* Assigned task
Which lines run from the line containing "- have c_gt0" through the end of the records below? Reproduce them exactly, and nothing else.

***** Records shown

Lemma Reps_fin_rll_unif_bounds n (eps del : R) : 0 < del -> 1 <= del * n%:R ->
  (del ^+ 2 * n%:R)^-1 <= eps < 1 - (del ^+ 2 * n%:R)^-1 ->
  (c - del) * n%:R <= (Reps_fin eps (lang (rll0k k) n) (lang fullshift n) (unif_marg R (n:=n)))%:R
    <= (c + del) * n%:R + 1.
Proof.
move=> del_gt0 deln_ge1 /andP [q_le_eps eps_lt].
have conc := flips_concentration k del_gt0 deln_ge1.
set q := (del ^+ 2 * n%:R)^-1 in q_le_eps eps_lt conc.
set D := [set w | _ <= _] in conc.
have pow_gt0 : (0 : R) < 2 ^+ n by rewrite exprn_gt0.
rewrite Reps_fin_rll_unif; apply: find_iota_bounds.
- apply/hasP; exists n; first by rewrite mem_iota add0n ltnS leqnSn.
  have -> : [set w : word n | (flips k w <= n)%N] = [set: word n]%SET.
    by apply/setP => w; rewrite !inE greedy_flips_le.
  have q_ge0 : 0 <= q by rewrite invr_ge0 mulr_ge0 ?sqr_ge0.
  by rewrite cardsT card_word natrX divff ?gt_eqF //; lra.
- have c_gt0 : 0 < c by rewrite invr_gt0 mulr_gt0 // (expr2S_sub1_gt0 R k).
  by rewrite mulr_ge0 // addr_ge0 // ltW.
- move=> r lt_r; rewrite -ltNge ltr_pdivrMr //.
  have : #|[set w : word n | (flips k w <= r)%N]|%:R <= #|D|%:R :> R.
    rewrite ler_nat subset_leq_card //; apply/fintype.subsetP => w; rewrite !inE => le_fr.
    rewrite ler_normr; apply/orP; right.
    have : (flips k w)%:R <= r%:R :> R by rewrite ler_nat.
    lra.
  have : 2 ^+ n * q < (1 - eps) * 2 ^+ n by rewrite mulrC ltr_pM2r //; lra.
  lra.
- move=> r le_r; rewrite ler_pdivlMr //.
  have : #|~: [set w : word n | (flips k w <= r)%N]|%:R <= #|D|%:R :> R.
    rewrite ler_nat subset_leq_card //; apply/fintype.subsetP => w; rewrite !inE -ltnNge => lt_rf.
    rewrite ler_normr; apply/orP; left.
    have : r%:R + 1 <= (flips k w)%:R :> R by rewrite natr1 ler_nat.
    lra.
  have := cardsC [set w : word n | (flips k w <= r)%N].
  rewrite card_word => /(congr1 (fun m => m%:R : R)); rewrite natrD natrX.
  have : 2 ^+ n * q <= eps * 2 ^+ n by rewrite mulrC ler_pM2r.
  lra.
Qed.

Local Open Scope classical_set_scope.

**********

* Solution for this exercise
- have c_gt0 : 0 < c by rewrite invr_gt0 mulr_gt0 // (expr2S_sub1_gt0 R k).
  by rewrite mulr_ge0 // addr_ge0 // ltW.
- move=> r lt_r; rewrite -ltNge ltr_pdivrMr //.
  have : #|[set w : word n | (flips k w <= r)%N]|%:R <= #|D|%:R :> R.
    rewrite ler_nat subset_leq_card //; apply/fintype.subsetP => w; rewrite !inE => le_fr.
    rewrite ler_normr; apply/orP; right.
    have : (flips k w)%:R <= r%:R :> R by rewrite ler_nat.
    lra.
  have : 2 ^+ n * q < (1 - eps) * 2 ^+ n by rewrite mulrC ltr_pM2r //; lra.
  lra.
- move=> r le_r; rewrite ler_pdivlMr //.
  have : #|~: [set w : word n | (flips k w <= r)%N]|%:R <= #|D|%:R :> R.
    rewrite ler_nat subset_leq_card //; apply/fintype.subsetP => w; rewrite !inE -ltnNge => lt_rf.
    rewrite ler_normr; apply/orP; left.
    have : r%:R + 1 <= (flips k w)%:R :> R by rewrite natr1 ler_nat.
    lra.
  have := cardsC [set w : word n | (flips k w <= r)%N].
  rewrite card_word => /(congr1 (fun m => m%:R : R)); rewrite natrD natrX.
  have : 2 ^+ n * q <= eps * 2 ^+ n by rewrite mulrC ler_pM2r.
  lra.
Qed.

Local Open Scope classical_set_scope.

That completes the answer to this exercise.